Provided information:
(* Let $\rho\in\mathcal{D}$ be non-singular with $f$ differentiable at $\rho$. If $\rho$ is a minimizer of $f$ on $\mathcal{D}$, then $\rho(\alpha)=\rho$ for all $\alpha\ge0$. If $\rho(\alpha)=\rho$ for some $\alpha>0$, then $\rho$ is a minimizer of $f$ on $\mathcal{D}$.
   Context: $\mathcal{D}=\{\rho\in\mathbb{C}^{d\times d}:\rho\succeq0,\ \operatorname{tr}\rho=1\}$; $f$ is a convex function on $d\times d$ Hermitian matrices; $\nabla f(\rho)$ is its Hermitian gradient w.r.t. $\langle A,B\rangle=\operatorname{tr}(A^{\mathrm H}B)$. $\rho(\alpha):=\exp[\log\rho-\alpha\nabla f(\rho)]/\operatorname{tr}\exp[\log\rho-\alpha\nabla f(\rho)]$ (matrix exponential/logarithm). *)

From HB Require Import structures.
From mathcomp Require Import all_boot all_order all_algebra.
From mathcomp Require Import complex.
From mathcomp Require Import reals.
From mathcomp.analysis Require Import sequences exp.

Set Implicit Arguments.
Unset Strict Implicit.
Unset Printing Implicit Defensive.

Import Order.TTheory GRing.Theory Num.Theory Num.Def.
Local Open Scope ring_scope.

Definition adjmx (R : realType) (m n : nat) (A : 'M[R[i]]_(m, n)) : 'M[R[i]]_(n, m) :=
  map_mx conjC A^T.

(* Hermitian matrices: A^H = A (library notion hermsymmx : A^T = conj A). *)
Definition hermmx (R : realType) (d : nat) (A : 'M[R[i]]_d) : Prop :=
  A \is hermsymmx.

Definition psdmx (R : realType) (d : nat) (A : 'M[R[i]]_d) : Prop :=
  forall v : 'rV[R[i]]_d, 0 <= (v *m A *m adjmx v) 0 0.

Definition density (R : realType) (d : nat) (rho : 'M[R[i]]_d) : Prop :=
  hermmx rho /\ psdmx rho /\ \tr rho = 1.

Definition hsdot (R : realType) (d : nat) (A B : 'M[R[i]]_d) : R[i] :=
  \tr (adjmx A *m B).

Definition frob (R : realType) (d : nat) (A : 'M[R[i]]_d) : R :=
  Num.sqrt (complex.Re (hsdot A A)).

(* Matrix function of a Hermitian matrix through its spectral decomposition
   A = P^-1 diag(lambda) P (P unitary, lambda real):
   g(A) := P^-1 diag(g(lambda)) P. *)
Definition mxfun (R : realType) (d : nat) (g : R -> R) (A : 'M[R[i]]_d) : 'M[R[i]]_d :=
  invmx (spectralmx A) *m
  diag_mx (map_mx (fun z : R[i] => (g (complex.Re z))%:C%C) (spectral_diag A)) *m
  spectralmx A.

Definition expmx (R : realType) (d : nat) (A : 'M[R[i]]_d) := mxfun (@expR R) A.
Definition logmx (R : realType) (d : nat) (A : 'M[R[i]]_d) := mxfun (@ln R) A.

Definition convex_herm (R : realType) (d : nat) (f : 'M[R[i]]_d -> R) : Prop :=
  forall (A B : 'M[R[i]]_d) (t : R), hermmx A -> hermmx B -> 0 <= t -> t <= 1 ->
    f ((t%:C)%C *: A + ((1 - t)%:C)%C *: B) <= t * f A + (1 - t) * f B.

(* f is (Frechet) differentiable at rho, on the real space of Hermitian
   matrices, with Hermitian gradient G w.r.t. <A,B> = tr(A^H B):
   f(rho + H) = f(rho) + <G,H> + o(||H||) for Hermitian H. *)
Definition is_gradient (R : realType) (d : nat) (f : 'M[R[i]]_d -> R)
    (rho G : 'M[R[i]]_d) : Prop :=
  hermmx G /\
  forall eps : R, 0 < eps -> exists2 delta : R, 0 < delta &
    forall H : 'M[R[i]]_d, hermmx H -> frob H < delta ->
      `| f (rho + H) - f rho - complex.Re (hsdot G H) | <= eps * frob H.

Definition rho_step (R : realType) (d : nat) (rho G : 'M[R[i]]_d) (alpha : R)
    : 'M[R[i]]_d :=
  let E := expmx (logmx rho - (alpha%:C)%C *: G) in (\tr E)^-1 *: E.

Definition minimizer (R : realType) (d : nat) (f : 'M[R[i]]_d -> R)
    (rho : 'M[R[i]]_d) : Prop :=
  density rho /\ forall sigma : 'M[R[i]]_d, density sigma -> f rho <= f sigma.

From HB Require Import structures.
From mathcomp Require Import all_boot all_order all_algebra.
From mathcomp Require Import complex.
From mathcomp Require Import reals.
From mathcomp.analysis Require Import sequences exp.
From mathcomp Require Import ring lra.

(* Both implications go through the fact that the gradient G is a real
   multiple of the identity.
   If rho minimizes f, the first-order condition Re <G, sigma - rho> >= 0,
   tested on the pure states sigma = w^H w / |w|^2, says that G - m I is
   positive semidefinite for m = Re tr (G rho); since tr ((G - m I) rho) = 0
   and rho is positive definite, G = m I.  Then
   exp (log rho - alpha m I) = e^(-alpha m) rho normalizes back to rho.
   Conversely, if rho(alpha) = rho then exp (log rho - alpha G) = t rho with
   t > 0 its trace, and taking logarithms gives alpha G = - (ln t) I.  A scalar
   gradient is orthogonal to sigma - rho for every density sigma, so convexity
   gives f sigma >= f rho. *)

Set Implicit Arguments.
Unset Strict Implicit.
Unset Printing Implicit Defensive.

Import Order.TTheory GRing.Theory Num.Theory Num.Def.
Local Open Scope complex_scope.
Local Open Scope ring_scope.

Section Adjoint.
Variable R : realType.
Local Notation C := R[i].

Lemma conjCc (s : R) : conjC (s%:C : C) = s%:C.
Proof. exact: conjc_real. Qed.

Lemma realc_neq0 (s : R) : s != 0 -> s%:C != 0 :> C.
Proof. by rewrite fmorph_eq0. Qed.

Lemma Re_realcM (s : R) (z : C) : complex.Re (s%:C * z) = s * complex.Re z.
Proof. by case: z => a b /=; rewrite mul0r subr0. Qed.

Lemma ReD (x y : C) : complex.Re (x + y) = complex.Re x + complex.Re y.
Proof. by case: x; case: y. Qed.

--

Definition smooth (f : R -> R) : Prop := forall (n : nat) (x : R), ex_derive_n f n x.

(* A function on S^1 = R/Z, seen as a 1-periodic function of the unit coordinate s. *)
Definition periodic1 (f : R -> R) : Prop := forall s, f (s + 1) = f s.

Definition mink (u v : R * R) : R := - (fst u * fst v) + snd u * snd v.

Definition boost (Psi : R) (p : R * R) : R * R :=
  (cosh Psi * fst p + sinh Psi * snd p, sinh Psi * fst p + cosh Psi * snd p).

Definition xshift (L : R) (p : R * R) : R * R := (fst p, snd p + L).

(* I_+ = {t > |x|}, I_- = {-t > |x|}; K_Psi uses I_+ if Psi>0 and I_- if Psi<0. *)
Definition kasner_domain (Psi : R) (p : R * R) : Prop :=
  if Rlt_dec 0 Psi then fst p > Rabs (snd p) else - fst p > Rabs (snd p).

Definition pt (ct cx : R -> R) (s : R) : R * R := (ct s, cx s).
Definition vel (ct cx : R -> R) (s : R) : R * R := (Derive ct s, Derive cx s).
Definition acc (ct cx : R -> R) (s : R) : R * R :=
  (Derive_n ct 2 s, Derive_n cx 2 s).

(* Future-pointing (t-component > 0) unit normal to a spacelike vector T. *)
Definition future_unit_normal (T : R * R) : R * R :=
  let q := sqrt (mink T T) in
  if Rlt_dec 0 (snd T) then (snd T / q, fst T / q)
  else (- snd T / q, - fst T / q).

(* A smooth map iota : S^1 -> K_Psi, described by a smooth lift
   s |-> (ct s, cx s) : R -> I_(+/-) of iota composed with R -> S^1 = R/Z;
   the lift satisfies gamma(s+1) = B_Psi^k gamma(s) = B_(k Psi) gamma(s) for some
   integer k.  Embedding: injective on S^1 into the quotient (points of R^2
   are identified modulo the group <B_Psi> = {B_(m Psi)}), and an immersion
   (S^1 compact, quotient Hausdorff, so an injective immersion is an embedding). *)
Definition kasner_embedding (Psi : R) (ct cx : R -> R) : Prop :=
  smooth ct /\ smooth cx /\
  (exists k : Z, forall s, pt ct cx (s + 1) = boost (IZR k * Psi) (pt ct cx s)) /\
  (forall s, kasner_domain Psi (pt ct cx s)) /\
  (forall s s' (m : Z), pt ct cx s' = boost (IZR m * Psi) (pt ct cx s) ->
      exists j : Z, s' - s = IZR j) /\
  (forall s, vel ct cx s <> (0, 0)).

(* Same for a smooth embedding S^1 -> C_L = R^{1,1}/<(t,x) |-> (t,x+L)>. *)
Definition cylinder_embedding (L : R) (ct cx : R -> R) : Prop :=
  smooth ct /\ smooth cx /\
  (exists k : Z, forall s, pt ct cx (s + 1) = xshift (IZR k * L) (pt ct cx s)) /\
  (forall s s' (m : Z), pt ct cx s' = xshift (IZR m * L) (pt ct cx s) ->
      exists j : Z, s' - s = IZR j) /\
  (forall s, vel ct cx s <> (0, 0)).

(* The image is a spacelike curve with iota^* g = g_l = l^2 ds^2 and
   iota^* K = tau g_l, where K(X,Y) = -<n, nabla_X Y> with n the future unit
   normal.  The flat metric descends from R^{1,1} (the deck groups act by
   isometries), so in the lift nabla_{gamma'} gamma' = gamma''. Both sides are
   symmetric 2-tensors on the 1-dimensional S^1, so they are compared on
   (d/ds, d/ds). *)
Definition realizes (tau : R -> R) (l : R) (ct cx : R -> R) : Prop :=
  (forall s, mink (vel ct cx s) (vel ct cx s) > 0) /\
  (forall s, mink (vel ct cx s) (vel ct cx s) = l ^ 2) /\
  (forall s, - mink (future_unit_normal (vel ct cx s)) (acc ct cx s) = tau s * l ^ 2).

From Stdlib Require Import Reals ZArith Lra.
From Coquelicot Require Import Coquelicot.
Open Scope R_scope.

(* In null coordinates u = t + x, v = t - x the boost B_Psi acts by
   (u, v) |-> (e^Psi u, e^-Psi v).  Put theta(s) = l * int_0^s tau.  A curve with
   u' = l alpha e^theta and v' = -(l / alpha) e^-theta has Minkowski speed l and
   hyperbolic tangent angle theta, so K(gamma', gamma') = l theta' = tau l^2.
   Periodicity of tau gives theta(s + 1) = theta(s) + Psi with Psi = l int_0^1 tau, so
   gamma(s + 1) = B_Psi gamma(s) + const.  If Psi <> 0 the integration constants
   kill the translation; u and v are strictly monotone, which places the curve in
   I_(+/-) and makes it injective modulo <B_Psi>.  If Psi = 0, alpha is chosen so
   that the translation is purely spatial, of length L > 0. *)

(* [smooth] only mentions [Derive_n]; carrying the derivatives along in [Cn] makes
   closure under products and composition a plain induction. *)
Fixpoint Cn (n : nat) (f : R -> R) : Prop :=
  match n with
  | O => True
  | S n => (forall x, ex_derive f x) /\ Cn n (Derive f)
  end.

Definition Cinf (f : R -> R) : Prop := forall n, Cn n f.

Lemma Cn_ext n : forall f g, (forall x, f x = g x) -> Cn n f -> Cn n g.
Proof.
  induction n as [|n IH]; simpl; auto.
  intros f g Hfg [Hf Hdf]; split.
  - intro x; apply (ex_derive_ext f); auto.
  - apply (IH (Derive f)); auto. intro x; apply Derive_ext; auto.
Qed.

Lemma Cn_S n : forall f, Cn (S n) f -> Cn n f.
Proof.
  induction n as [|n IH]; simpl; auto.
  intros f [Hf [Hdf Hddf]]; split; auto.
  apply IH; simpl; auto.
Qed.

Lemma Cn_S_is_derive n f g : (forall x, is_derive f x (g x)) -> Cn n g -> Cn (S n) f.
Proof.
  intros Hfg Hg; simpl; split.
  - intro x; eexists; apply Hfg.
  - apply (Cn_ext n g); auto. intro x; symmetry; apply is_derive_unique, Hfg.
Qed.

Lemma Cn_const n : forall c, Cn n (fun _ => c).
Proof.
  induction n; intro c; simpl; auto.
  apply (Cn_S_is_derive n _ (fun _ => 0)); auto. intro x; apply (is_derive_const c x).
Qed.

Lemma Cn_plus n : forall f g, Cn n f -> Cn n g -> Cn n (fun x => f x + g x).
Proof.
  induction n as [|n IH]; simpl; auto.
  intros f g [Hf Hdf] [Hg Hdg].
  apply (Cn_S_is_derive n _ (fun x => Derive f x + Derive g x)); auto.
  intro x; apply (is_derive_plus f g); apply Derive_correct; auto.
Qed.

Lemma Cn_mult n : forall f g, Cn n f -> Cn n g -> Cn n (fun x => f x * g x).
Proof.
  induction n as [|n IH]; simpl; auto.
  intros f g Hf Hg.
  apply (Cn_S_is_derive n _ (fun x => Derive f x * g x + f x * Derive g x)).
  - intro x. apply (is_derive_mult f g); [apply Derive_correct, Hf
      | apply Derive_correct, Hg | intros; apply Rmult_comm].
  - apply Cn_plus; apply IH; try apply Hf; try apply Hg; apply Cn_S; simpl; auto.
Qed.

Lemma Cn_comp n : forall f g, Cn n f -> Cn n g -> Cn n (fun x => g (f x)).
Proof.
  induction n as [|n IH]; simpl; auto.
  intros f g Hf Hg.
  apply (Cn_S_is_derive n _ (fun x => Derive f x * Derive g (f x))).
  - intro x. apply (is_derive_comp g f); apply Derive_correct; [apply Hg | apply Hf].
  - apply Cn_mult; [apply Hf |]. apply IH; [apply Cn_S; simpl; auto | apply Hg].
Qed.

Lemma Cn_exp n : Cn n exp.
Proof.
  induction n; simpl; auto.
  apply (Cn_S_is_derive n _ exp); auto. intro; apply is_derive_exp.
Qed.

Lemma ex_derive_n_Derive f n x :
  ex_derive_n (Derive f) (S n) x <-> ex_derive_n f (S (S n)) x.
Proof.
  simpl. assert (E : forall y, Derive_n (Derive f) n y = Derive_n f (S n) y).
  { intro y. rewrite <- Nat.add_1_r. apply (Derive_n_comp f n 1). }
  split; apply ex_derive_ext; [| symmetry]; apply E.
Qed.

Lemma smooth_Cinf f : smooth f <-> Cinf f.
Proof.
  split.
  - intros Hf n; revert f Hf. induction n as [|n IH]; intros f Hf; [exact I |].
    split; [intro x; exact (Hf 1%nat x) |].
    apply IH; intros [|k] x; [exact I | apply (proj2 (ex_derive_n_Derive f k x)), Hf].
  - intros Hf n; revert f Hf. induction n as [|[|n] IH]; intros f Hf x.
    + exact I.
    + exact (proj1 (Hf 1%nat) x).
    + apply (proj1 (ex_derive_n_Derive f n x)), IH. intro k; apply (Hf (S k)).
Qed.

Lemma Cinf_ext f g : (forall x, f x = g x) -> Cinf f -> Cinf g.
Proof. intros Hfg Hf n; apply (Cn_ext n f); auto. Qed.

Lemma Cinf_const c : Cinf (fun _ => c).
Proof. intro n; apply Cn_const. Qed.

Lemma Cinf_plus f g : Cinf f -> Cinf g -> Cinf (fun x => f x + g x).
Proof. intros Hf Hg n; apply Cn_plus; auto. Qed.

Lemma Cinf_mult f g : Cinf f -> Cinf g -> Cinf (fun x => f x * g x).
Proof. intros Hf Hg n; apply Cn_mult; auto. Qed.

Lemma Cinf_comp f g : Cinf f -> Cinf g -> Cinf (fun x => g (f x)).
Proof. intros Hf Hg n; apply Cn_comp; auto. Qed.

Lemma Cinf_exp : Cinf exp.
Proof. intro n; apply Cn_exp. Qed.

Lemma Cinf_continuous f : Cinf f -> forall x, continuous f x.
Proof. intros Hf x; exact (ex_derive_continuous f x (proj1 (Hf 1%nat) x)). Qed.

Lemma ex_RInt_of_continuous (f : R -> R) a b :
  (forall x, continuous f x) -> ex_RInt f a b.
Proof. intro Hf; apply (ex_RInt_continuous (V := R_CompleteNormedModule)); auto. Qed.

...

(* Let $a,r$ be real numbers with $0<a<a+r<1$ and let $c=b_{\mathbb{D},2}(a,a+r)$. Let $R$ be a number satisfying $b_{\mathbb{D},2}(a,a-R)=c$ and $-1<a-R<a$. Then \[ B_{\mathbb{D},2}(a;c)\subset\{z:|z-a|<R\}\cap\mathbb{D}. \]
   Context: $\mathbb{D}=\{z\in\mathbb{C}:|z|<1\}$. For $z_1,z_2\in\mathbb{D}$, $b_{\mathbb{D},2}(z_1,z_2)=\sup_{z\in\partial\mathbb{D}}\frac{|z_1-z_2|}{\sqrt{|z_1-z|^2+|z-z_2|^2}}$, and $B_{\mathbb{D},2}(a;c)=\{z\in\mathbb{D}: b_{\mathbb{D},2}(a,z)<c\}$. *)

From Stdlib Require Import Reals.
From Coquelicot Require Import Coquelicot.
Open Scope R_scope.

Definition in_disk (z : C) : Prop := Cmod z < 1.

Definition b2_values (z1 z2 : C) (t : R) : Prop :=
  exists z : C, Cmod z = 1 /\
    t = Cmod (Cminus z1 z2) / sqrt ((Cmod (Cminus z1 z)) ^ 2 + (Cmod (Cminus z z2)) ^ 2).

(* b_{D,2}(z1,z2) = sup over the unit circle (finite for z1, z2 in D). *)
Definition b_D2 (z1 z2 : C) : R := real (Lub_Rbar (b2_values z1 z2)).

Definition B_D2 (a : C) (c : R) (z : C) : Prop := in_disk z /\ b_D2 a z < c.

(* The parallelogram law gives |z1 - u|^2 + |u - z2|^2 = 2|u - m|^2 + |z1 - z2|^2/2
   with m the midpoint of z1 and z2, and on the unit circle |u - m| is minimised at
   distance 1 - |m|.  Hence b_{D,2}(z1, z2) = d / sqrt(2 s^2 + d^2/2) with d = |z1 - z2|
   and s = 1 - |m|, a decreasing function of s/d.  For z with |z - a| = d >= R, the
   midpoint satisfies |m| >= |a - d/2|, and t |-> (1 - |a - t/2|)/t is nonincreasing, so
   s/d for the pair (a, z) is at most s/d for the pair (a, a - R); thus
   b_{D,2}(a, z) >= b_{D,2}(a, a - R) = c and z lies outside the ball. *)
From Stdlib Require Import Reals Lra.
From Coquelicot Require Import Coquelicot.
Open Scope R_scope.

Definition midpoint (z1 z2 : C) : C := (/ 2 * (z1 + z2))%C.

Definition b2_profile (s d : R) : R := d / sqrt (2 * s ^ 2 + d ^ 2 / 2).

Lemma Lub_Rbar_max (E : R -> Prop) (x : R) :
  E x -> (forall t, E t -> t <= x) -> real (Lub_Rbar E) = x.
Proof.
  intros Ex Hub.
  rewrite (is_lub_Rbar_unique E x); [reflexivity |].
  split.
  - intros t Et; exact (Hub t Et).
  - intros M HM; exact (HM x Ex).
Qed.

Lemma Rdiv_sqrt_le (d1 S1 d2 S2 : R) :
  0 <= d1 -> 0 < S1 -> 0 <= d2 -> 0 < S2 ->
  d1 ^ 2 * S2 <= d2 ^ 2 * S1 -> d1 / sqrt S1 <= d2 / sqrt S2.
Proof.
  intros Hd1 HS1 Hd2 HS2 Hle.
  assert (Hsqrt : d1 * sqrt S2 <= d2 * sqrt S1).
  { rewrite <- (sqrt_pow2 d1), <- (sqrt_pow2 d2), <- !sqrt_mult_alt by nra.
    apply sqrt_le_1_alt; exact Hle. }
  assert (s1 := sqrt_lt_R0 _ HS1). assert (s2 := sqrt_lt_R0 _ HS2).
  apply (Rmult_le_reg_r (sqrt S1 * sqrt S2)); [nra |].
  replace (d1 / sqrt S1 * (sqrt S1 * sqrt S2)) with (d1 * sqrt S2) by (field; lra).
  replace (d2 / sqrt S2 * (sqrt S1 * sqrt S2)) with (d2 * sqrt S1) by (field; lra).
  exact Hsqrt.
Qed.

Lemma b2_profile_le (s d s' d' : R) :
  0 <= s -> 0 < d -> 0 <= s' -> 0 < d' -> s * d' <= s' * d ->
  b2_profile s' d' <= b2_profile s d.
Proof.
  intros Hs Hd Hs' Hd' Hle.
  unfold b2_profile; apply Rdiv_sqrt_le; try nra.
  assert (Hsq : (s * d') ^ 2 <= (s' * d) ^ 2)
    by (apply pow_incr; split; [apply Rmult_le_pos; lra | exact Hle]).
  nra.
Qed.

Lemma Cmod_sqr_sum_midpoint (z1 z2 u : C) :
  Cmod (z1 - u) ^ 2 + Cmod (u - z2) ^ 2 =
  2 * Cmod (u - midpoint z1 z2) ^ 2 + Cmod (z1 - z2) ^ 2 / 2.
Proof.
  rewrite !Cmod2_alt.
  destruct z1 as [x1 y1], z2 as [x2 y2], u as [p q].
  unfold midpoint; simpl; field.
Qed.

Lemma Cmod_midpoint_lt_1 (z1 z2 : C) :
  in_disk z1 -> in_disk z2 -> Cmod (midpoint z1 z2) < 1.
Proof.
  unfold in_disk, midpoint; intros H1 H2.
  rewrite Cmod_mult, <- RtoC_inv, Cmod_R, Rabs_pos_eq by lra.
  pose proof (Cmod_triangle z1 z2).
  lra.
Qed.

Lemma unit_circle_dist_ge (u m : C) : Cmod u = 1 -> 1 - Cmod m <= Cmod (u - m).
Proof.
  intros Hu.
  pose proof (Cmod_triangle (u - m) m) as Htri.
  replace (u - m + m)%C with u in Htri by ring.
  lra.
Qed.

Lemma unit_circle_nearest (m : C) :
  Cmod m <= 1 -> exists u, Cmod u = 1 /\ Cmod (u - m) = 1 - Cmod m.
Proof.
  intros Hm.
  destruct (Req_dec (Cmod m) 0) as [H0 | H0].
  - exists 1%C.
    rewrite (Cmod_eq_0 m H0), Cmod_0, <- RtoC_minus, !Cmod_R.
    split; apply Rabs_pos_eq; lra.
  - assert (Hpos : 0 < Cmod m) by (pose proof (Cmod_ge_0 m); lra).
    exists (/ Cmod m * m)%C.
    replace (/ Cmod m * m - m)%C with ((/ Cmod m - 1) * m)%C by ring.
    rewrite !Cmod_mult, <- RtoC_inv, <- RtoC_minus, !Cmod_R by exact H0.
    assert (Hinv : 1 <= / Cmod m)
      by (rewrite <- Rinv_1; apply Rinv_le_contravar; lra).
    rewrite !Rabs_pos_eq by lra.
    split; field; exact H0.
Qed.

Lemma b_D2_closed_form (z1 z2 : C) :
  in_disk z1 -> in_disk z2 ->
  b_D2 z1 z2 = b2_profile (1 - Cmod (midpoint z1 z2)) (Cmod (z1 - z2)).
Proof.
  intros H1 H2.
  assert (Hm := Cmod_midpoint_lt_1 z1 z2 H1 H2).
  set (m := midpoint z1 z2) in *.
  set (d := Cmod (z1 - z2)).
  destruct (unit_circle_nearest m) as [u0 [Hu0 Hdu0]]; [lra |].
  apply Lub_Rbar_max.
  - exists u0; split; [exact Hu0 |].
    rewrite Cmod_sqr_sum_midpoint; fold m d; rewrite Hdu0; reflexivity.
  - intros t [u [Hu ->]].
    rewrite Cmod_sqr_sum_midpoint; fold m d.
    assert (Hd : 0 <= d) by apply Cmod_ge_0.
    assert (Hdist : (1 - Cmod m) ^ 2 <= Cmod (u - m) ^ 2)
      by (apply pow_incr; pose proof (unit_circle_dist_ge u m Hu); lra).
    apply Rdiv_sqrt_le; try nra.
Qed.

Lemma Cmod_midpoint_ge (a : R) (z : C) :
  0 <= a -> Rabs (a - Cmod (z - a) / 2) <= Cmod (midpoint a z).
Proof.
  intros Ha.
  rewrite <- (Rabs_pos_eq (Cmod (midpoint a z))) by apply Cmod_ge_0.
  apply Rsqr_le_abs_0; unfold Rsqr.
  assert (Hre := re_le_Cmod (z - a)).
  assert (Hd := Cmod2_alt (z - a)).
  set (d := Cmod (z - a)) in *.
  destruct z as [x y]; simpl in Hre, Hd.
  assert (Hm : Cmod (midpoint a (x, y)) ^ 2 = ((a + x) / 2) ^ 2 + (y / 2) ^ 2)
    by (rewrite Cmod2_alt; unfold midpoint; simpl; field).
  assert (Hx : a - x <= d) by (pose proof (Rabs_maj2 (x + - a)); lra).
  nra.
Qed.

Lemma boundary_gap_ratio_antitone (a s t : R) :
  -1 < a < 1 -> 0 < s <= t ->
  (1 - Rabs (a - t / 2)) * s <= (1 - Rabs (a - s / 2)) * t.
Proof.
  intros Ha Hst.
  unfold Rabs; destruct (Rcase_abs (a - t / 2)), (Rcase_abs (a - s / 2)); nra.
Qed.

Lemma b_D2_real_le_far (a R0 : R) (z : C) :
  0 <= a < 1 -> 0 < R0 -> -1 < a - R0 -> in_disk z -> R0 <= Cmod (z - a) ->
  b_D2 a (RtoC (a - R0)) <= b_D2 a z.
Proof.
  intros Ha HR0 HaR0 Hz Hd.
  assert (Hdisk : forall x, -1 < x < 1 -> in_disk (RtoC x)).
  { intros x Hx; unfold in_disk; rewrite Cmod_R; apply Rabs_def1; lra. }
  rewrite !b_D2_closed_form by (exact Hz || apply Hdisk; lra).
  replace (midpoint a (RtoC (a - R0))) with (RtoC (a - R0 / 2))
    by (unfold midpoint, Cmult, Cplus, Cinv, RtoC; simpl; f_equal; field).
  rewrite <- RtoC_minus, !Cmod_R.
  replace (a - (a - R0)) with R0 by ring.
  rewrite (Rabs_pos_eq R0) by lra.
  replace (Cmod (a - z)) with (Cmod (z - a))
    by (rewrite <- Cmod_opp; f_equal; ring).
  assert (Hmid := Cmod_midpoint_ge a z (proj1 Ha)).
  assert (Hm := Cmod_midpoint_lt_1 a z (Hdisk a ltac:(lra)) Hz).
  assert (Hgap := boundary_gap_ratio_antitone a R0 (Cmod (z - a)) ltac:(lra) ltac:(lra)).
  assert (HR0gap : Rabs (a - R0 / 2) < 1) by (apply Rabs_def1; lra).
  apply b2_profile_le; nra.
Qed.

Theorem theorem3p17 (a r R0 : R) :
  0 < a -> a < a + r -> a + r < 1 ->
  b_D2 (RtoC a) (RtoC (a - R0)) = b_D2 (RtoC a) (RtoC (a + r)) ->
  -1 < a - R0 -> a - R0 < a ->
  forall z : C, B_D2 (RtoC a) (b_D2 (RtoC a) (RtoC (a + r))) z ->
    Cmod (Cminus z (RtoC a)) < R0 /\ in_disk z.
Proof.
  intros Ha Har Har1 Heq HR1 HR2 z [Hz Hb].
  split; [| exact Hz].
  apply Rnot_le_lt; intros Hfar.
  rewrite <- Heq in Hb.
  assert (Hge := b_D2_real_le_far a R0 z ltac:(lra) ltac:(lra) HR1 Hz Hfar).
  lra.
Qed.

Goal of the exercise: Lines that contain "xshift" should be pulled from the entries above and reported.

Your response:
Definition xshift (L : R) (p : R * R) : R * R := (fst p, snd p + L).
  (exists k : Z, forall s, pt ct cx (s + 1) = xshift (IZR k * L) (pt ct cx s)) /\
  (forall s s' (m : Z), pt ct cx s' = xshift (IZR m * L) (pt ct cx s) ->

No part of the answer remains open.